Da die Bundesbehörden damit wesentlich weiter gehende Kompetenzen erhalten als heute, sollen nach Ansicht des Bundesrates auch die Rechte der Beschuldigten und ihrer Verteidiger in diesem Verfahren ausgebaut und an die Standards der Voruntersuchung nach Bundesstrafrecht und der kantonalen Prozessordnungen angeglichen werden. Gleichzeitig soll im Rahmen dieses Gesetzgebungspaketes auch die Aufsicht über die Bundesanwaltschaft verbessert werden und ihre Trennung von der präventiven Polizei klarer zum Ausdruck kommen. Mit diesen Massnahmen könnten die unbestrittenen Elemente der 1993 heftig kritisierten Vorschläge des Bundesrates für eine Entflechtung der Bundespolizei und der Bundesanwaltschaft und die Ausgestaltung letzterer als völlig unabhängige Staatsanwaltschaft verwirklicht werden. Die Bundesanwältin soll zwar weiterhin vom Bundesrat gewählt werden und diesem administrativ unterstehen, und sie soll auch weiterhin den Vorsteher des EJPD über wichtige Ermittlungen informieren. Die Aufsicht würde aber in Anbetracht der zusätzlichen strafprozessualen Funktionen grundsätzlich von einer richterlichen Behörde (konkret von der Anklagekammer des Bundesgerichts) ausgeübt werden.
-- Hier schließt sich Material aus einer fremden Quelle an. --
(* Let $R$ be a reflexive relation on $U$. Then $\mathrm{DM(RS)}$ is spatial if and only if both $\wp(U)^{\blacktriangle}$ and $\wp(U)^{\vartriangle}$ are spatial.
   Context: Let $U$ be a set and $R\subseteq U\times U$ a binary relation. For $x\in U$, $R(x)=\{y\in U\mid (x,y)\in R\}$ and $\breve R(x)=\{y\in U\mid (y,x)\in R\}$. For $X\subseteq U$: $X^{\blacktriangledown}=\{x\in U\mid R(x)\subseteq X\}$, $X^{\blacktriangle}=\{x\in U\mid R(x)\cap X\neq\emptyset\}$, $X^{\triangledown}=\{x\in U\mid \breve R(x)\subseteq X\}$, $X^{\vartriangle}=\{x\in U\mid \breve R(x)\cap X\neq\emptyset\}$; composites like $X^{\vartriangle\blacktriangledown}$ mean $(X^{\vartriangle})^{\blacktriangledown}$. $\wp(U)^{\blacktriangledown}=\{X^{\blacktriangledown}\mid X\subseteq U\}$ and similarly $\wp(U)^{\blacktriangle},\wp(U)^{\vartriangle}$; complete lattices under $\subseteq$ (joins in $\wp(U)^{\blacktriangle},\wp(U)^{\vartriangle}$ are unions). $\mathcal S=\{x\in U\mid |R(x)|=1\}$. $\mathrm{RS}=\{(X^{\blacktriangledown},X^{\blacktriangle})\mid X\subseteq U\}$ ordered coordinatewise; $\mathrm{DM(RS)}$ is its Dedekind–MacNeille completion, identified with $\{(A,B)\in\wp(U)^{\blacktriangledown}\times\wp(U)^{\blacktriangle}\mid A^{\vartriangle\blacktriangle}\subseteq B,\ A\cap\mathcal S=B\cap\mathcal S\}$ ordered coordinatewise, with meets $\bigwedge_i(X_i,Y_i)=(\bigcap_iX_i,(\bigcap_iY_i)^{\triangledown\blacktriangle})$ and joins $\bigvee_i(X_i,Y_i)=((\bigcup_iX_i)^{\vartriangle\blacktriangledown},\bigcup_iY_i)$. An element $j$ of a complete lattice $L$ is completely join-irreducible if $j=\bigvee S$ implies $j\in S$ for every $S\subseteq L$; $L$ is spatial if every element is the join of the completely join-irreducible elements below it. *)

From mathcomp Require Import all_boot.
From mathcomp Require Import boolp classical_sets.
Set Implicit Arguments. Unset Strict Implicit. Unset Printing Implicit Defensive.
Local Open Scope classical_set_scope.

Section RoughDefs.
Variables (U : Type) (R : U -> U -> Prop).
Massnahmen zur Verbesserung der Effizienz und der Rechtsstaatlichkeit in der Strafverfolgung

Mehrfach unter Beschuss geriet Bundesanwältin Carla Del Ponte. So löste eine Telefonüberwachungsaktion gegen verschiedene Journalisten, welche sie veranlasst hatte, um Urhebern von Amtsgeheimnisverletzungen auf die Spur zu kommen, heftige Proteste der Medien aus. Bundesrat Koller verzichtete – mit dem Argument der Gewaltentrennung – zwar auf Massnahmen gegen die eifrige Beamtin, äusserte aber die Meinung, dass er solche Aktionen für unverhältnismässig erachte. Umstritten war auch die Informationspraxis der Bundesanwaltschaft. Der Nationalrat überwies ein Postulat seiner GPK, welches eine klare Koordination und Abgrenzung zwischen der Informationstätigkeit der Verwaltung einerseits und der Strafverfolgungsbehörden andererseits verlangt.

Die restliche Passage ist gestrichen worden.